▸ **INSTRUCTIONS FOR THE TASK**
From the data that follows, print exactly the lines starting at the one containing "induction n as [|n IHn]; intros H; simpl." and ending at the one containing "Lemma phi_approx_mult_Cexpi (n"; include both of them and nothing more.

▸ **DATASET EXCERPTS**
Lemma is_RInt_cos_Z (z : Z) :
  is_RInt (fun x => cos (IZR z * x)) (- PI) PI (if (z =? 0)%Z then 2 * PI else 0).
Proof.
  destruct (Z.eqb_spec z 0) as [->|Hz].
  - apply (is_RInt_ext (fun _ => 1)); [intros x _; rewrite Rmult_0_l, cos_0; reflexivity|].
    replace (2 * PI) with (scal (PI - - PI) 1) by (unfold scal; simpl; unfold mult; simpl; ring).
    apply (is_RInt_const (V := R_NormedModule)).
  - assert (Hz' : IZR z <> 0) by (intro h; apply Hz, eq_IZR, h).
    replace 0 with (minus (sin (IZR z * PI) / IZR z) (sin (IZR z * - PI) / IZR z)).
    + apply (is_RInt_derive (fun x => sin (IZR z * x) / IZR z)).
      * intros x _; auto_derive; [exact I | field; exact Hz'].
      * intros x _; apply (ex_derive_continuous (fun y => cos (IZR z * y))); auto_derive; exact I.
    + rewrite <- Ropp_mult_distr_r, sin_neg, sin_eq_0_1 by (exists z; reflexivity).
      unfold minus, plus, opp; simpl; field; exact Hz'.
Qed.

Lemma is_RInt_sin_Z (z : Z) : is_RInt (fun x => sin (IZR z * x)) (- PI) PI 0.
Proof.
  destruct (Z.eqb_spec z 0) as [->|Hz].
  - apply (is_RInt_ext (fun _ => 0)); [intros x _; rewrite Rmult_0_l, sin_0; reflexivity|].
    pose proof (is_RInt_const (V := R_NormedModule) (- PI) PI 0) as H.
    change (scal (PI - - PI) 0) with ((PI - - PI) * 0) in H; rewrite Rmult_0_r in H; exact H.
  - assert (Hz' : IZR z <> 0) by (intro h; apply Hz, eq_IZR, h).
    replace 0 with (minus (- cos (IZR z * PI) / IZR z) (- cos (IZR z * - PI) / IZR z)).
    + apply (is_RInt_derive (fun x => - cos (IZR z * x) / IZR z)).
      * intros x _; auto_derive; [exact I | field; exact Hz'].
      * intros x _; apply (ex_derive_continuous (fun y => sin (IZR z * y))); auto_derive; exact I.
    + rewrite <- Ropp_mult_distr_r, cos_neg.
      unfold minus, plus, opp; simpl; field; exact Hz'.
Qed.

Lemma is_RInt_Cexpi_Z (c : R) (z : Z) :
  is_RInt (fun x => (RtoC c * Cexpi (IZR z * x))%C) (- PI) PI
    (RtoC (if (z =? 0)%Z then 2 * PI * c else 0)).
Proof.
  apply is_RInt_fct_extend_pair.
  - match goal with |- is_RInt _ _ _ ?v =>
      replace v with (scal c (if (z =? 0)%Z then 2 * PI else 0))
        by (destruct (z =? 0)%Z; unfold scal; simpl; unfold mult; simpl; ring) end.
    eapply is_RInt_ext; [|apply (is_RInt_scal (V := R_NormedModule)), is_RInt_cos_Z].
    intros x _; unfold scal; simpl; unfold mult; simpl; ring.
  - match goal with |- is_RInt _ _ _ ?v =>
      replace v with (scal c 0) by (unfold scal; simpl; unfold mult; simpl; ring) end.
    eapply is_RInt_ext; [|apply (is_RInt_scal (V := R_NormedModule)), (is_RInt_sin_Z z)].
    intros x _; unfold scal; simpl; unfold mult; simpl; ring.
Qed.

Lemma is_RInt_csum (u : nat -> R -> C) (I : nat -> C) (a b : R) (n : nat) :
  (forall j, (j < n)%nat -> is_RInt (u j) a b (I j)) ->
  is_RInt (fun x => csum (fun j => u j x) n) a b (csum I n).
Proof.
  induction n as [|n IHn]; intros H; simpl.
  - pose proof (is_RInt_const (V := C_R_NormedModule) a b (RtoC 0)) as H0.
    match type of H0 with is_RInt _ _ _ ?v => replace v with (RtoC 0) in H0
      by (apply injective_projections; simpl; symmetry; apply Rmult_0_r) end.
    exact H0.
  - apply (is_RInt_plus (fun x => csum (fun j => u j x) n) (u n));
      [apply IHn; intros; apply H | apply H]; lia.
Qed.

Lemma Cpow_Cexpi (t : R) (j : nat) : (Cexpi t ^ j)%C = Cexpi (INR j * t).
Proof.
  induction j as [|j IHj].
  - simpl; rewrite Rmult_0_l; unfold Cexpi; rewrite cos_0, sin_0; reflexivity.
  - rewrite Cpow_S, IHj, Cexpi_plus, S_INR; f_equal; ring.
Qed.

Definition gbinom_upto (al : R) (n j : nat) : R := if (j <=? n)%nat then gbinom al j else 0.

(* The [(-l)]-th Fourier coefficient of [phi_approx al n]. *)
Definition fourier_approx (al : R) (n l : nat) : R :=
  rsum (fun m => gbinom al m * (-1) ^ m * gbinom_upto al n (m + l)) (S n).

Section FourierCoefficients.
Variable al : R.
Hypothesis Hal : 0 < al < 1.

Lemma phi_approx_mult_Cexpi (n l : nat) (t : R) :
  (phi_approx al n t * Cexpi (- (IZR (Z.of_nat 0 - Z.of_nat l) * t)))%C =
  csum (fun m => csum (fun j => (RtoC (gbinom al m * (-1) ^ m * gbinom al j)
        * Cexpi (IZR (Z.of_nat m - Z.of_nat j + Z.of_nat l) * t))%C) (S n)) (S n).
Proof.
  unfold phi_approx, binom_series; rewrite !csum_mult_r; apply csum_ext; intros m _.
  rewrite csum_mult_l, csum_mult_r; apply csum_ext; intros j _.
  replace (- Cexpi t)%C with (RtoC (-1) * Cexpi t)%C by (apply injective_projections; simpl; ring).
  rewrite Cpow_mult_l, !Cpow_Cexpi, <- RtoC_pow.
  rewrite plus_IZR, !minus_IZR, <- !INR_IZR_INZ.
  replace ((INR m - INR j + INR l) * t)
    with (INR m * t + (INR j * - t + - ((INR 0 - INR l) * t))) by (simpl; ring).
  rewrite <- !Cexpi_plus.
  destruct (Cexpi (INR m * t)) as [a b]; destruct (Cexpi (INR j * - t)) as [c d].
  destruct (Cexpi (- ((INR 0 - INR l) * t))) as [e f].
  apply injective_projections; simpl; ring.
Qed.

Lemma rsum_kronecker (A : R) (m l k : nat) :
  rsum (fun j => if (Z.of_nat m - Z.of_nat j + Z.of_nat l =? 0)%Z
                 then 2 * PI * (A * gbinom al j) else 0) k
  = if (m + l <? k)%nat then 2 * PI * (A * gbinom al (m + l)) else 0.
Proof.
  induction k as [|k IHk]; simpl rsum.
  - destruct (Nat.ltb_spec (m + l) 0); [lia | reflexivity].
  - rewrite IHk.
    destruct (Z.eqb_spec (Z.of_nat m - Z.of_nat k + Z.of_nat l) 0);
      destruct (Nat.ltb_spec (m + l) k); destruct (Nat.ltb_spec (m + l) (S k));
      try lia; try ring.
    replace k with (m + l)%nat by lia; ring.
Qed.

Lemma is_RInt_phi_approx (n l : nat) :
  is_RInt (fun t => (phi_approx al n t * Cexpi (- (IZR (Z.of_nat 0 - Z.of_nat l) * t)))%C)
    (- PI) PI (RtoC (2 * PI * fourier_approx al n l)).
Proof.
  eapply is_RInt_ext; [intros t _; symmetry; apply phi_approx_mult_Cexpi|].
  replace (RtoC (2 * PI * fourier_approx al n l))
    with (csum (fun m => csum (fun j => RtoC
            (if (Z.of_nat m - Z.of_nat j + Z.of_nat l =? 0)%Z
             then 2 * PI * (gbinom al m * (-1) ^ m * gbinom al j) else 0)) (S n)) (S n)).
  - apply is_RInt_csum; intros m _; apply is_RInt_csum; intros j _.
    eapply is_RInt_ext; [|apply is_RInt_Cexpi_Z]; intros; reflexivity.
  - unfold fourier_approx; rewrite <- rsum_scal, <- csum_RtoC.
    apply csum_ext; intros m _; rewrite csum_RtoC, rsum_kronecker; f_equal.
    unfold gbinom_upto.
    destruct (Nat.ltb_spec (m + l) (S n)); destruct (Nat.leb_spec (m + l) n); try lia; ring.
Qed.

Lemma fourier_approx_converges (l : nat) (e : R) : 0 < e ->
  exists N, forall n, (N <= n)%nat ->
    Cmod (toeplitz (phi al) 0 l - RtoC (fourier_approx al n l))%C < e.
Proof.
  intros He.
  set (s := (Z.of_nat 0 - Z.of_nat l)%Z).
  set (g := fun t => (phi al t * Cexpi (- (IZR s * t)))%C).
  set (f := fun n t => (phi_approx al n t * Cexpi (- (IZR s * t)))%C).
  destruct (filterlim_RInt (V := C_R_CompleteNormedModule) f (- PI) PI eventually eventually_filter
              g (fun n => RtoC (2 * PI * fourier_approx al n l))) as [If [Hlim HI]].
  - intros n; apply is_RInt_phi_approx.
  - intros P [eps HP]; destruct (binom_tail_vanishes al Hal (eps / 8)) as [N HN];
      [destruct eps; simpl; lra|].
    exists N; intros n Hn; apply HP; intros t; apply ball_C_of_Cmod; unfold f, g.
    replace (phi_approx al n t * Cexpi (- (IZR s * t)) - phi al t * Cexpi (- (IZR s * t)))%C
      with (- (phi al t - phi_approx al n t) * Cexpi (- (IZR s * t)))%C by ring.
    rewrite Cmod_mult, Cmod_Cexpi, Cmod_opp, Rmult_1_r.
    eapply Rle_lt_trans; [apply Cmod_phi_sub_phi_approx; auto|].
    pose proof (binom_tail_add_le al Hal N (n - N)) as Hmono.
    replace (N + (n - N))%nat with n in Hmono by lia.
    destruct eps; simpl in *; lra.
  - assert (HPI : 0 < PI) by apply PI_RGT_0.
    destruct (Hlim (ball (M := C_R_CompleteNormedModule) If (PI * e))) as [N HN];
      [exists (mkposreal _ (Rmult_lt_0_compat _ _ HPI He)); auto|].
    exists N; intros n Hn; specialize (HN n Hn); apply Cmod_of_ball_C in HN.
    unfold toeplitz, fourier; fold s.
    replace (RInt _ (- PI) PI) with If by (symmetry; apply is_RInt_unique; exact HI).
    replace (RtoC (/ (2 * PI)) * If - RtoC (fourier_approx al n l))%C
      with (RtoC (/ (2 * PI)) * - (RtoC (2 * PI * fourier_approx al n l) - If))%C
      by (destruct If; apply injective_projections; simpl; field; lra).
    rewrite Cmod_mult, Cmod_opp, Cmod_R, Rabs_right
      by (apply Rle_ge, Rlt_le, Rinv_0_lt_compat; lra).
    apply Rmult_lt_reg_l with (2 * PI); [lra|].
    rewrite <- Rmult_assoc, Rinv_r, Rmult_1_l by lra; lra.
Qed.

End FourierCoefficients.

▸ **SOLUTION FOR THIS EXERCISE**
  induction n as [|n IHn]; intros H; simpl.
  - pose proof (is_RInt_const (V := C_R_NormedModule) a b (RtoC 0)) as H0.
    match type of H0 with is_RInt _ _ _ ?v => replace v with (RtoC 0) in H0
      by (apply injective_projections; simpl; symmetry; apply Rmult_0_r) end.
    exact H0.
  - apply (is_RInt_plus (fun x => csum (fun j => u j x) n) (u n));
      [apply IHn; intros; apply H | apply H]; lia.
Qed.

Lemma Cpow_Cexpi (t : R) (j : nat) : (Cexpi t ^ j)%C = Cexpi (INR j * t).
Proof.
  induction j as [|j IHj].
  - simpl; rewrite Rmult_0_l; unfold Cexpi; rewrite cos_0, sin_0; reflexivity.
  - rewrite Cpow_S, IHj, Cexpi_plus, S_INR; f_equal; ring.
Qed.

Definition gbinom_upto (al : R) (n j : nat) : R := if (j <=? n)%nat then gbinom al j else 0.

(* The [(-l)]-th Fourier coefficient of [phi_approx al n]. *)
Definition fourier_approx (al : R) (n l : nat) : R :=
  rsum (fun m => gbinom al m * (-1) ^ m * gbinom_upto al n (m + l)) (S n).

Section FourierCoefficients.
Variable al : R.
Hypothesis Hal : 0 < al < 1.

Lemma phi_approx_mult_Cexpi (n l : nat) (t : R) :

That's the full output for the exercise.